Can I speed up Shopify without removing apps?

Yes. Thunder Page Speed Optimizer defers how third-party app scripts load, so they don't block your page from rendering. It also handles critical CSS inlining, image optimization, and font loading. This lets you keep your apps while dramatically reducing their impact — Thunder users see an average +27 PageSpeed point improvement with a 30-second setup.

Why is my Shopify store slow on mobile but fast on desktop?

Mobile devices have less processing power, slower network connections, and smaller memory than desktops. Heavy JavaScript from apps takes much longer to parse and execute on a phone. Additionally, mobile networks add latency that compounds with every HTTP request. This is why optimizing JavaScript is even more critical than optimizing images for mobile speed.

How do I find which Shopify app is slowing my store?

You can manually check using Chrome DevTools (Network tab → filter by JS → look for third-party domains), or use a tool like Thunder's app scanner which automatically identifies each app's impact on load time, measured in milliseconds and kilobytes. The manual approach works but is time-consuming; automated scanning gives you a clear per-app performance report.

Does changing my Shopify theme improve speed?

It can make a huge difference. Heavy themes with built-in mega menus, animated sliders, and complex filtering load significantly more JavaScript. Switching from a heavy theme to a lightweight one like Dawn can improve scores by 10–40%. Before choosing a theme, test its demo store on PageSpeed Insights — if the demo scores below 40 on mobile, the theme itself is the bottleneck.

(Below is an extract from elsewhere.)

(* There is a constant $c$ such that for every Boolean circuit $C$ with input nodes $\mathrm{in}_1,\dots,\mathrm{in}_n$ whose gates are only $\neg$-gates, $\vee$-gates and $\wedge$-gates, there exists an instruction sequence $X\in\mathrm{IS}_{br}$ in which the basic instruction $\mathrm{out}.\mathrm{set}{:}F$ does not occur (in any plain, positive test or negative test instruction) such that $X$ computes the $n$-ary Boolean function induced by $C$ and $|X|\le c\cdot(\mathrm{size}(C)+1)$.
   Context: $\mathbb B=\{T,F\}$. A Boolean circuit with input nodes $\mathrm{in}_1,\dots,\mathrm{in}_n$ is a finite directed acyclic graph whose non-input nodes (gates) are $\neg$-gates with one predecessor or $\vee$-/$\wedge$-gates with two predecessors, with one designated output node; the induced function $\mathbb B^n\to\mathbb B$ is the value of the output node when $\mathrm{in}_j$ carries $b_j$. Its size is its number of nodes. A primitive instruction is one of: a plain basic instruction $a$, a positive test instruction $+a$, a negative test instruction $-a$ (for a basic instruction $a$), a forward jump instruction $\#l$ ($l\in\mathbb N$), or the termination instruction $!$. An instruction sequence is a finite nonempty sequence $X=u_1;\dots;u_k$ of primitive instructions; its length is $|X|=k$. Basic instructions have the form $f.m$ where the focus $f$ is one of $\mathrm{in}{:}i$, $\mathrm{aux}{:}i$ ($i\ge 1$) or $\mathrm{out}$, each naming a Boolean register, and the method $m$ is one of $\mathrm{set}{:}T$, $\mathrm{set}{:}F$, $\mathrm{get}$. Executing $f.\mathrm{set}{:}b$ sets register $f$ to $b$ and yields reply $b$; executing $f.\mathrm{get}$ leaves the register unchanged and yields its content as reply. Execution of $X=u_1;\dots;u_k$: a counter starts at $1$. If the counter exceeds $k$, execution deadlocks. At position $i$: if $u_i=!$, execution terminates; if $u_i=\#l$, execution deadlocks if $l=0$ and otherwise the counter becomes $i+l$; if $u_i$ is $a$, $+a$ or $-a$, the basic instruction $a$ is executed yielding reply $r$, and the counter becomes $i+1$ for $u_i=a$; for $u_i=+a$ it becomes $i+1$ if $r=T$ and $i+2$ if $r=F$; for $u_i=-a$ it becomes $i+1$ if $r=F$ and $i+2$ if $r=T$. $\mathrm{IS}_{br}$ is the set of instruction sequences in which every basic instruction occurring belongs to $\{f.\mathrm{get}: f=\mathrm{in}{:}i \text{ or } f=\mathrm{aux}{:}i\}\cup\{f.\mathrm{set}{:}b: f=\mathrm{aux}{:}i \text{ or } f=\mathrm{out},\ b\in\mathbb B\}$. $X\in\mathrm{IS}_{br}$ computes $f:\mathbb B^n\to\mathbb B$ if for every $(b_1,\dots,b_n)\in\mathbb B^n$: when $X$ is executed with register $\mathrm{in}{:}j$ initialised to $b_j$ ($j\le n$) and all registers $\mathrm{aux}{:}i$ and $\mathrm{out}$ initialised to $F$, execution terminates (does not deadlock) without ever executing a basic instruction with focus $\mathrm{in}{:}j$ for $j>n$, and at termination register $\mathrm{out}$ contains $f(b_1,\dots,b_n)$. *)

From mathcomp Require Import all_boot.
Set Implicit Arguments. Unset Strict Implicit. Unset Printing Implicit Defensive.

How many apps is too many for Shopify speed?

There's no magic number — it depends on the apps. A store with 8 well-coded apps can be faster than one with 3 poorly-built ones. That said, the average Shopify store runs 15-25 app scripts, and stores with 20+ apps almost always have speed issues. The key is measuring each app's actual impact rather than counting installs. Tools like Thunder's app scanner show you exactly which apps cost the most milliseconds.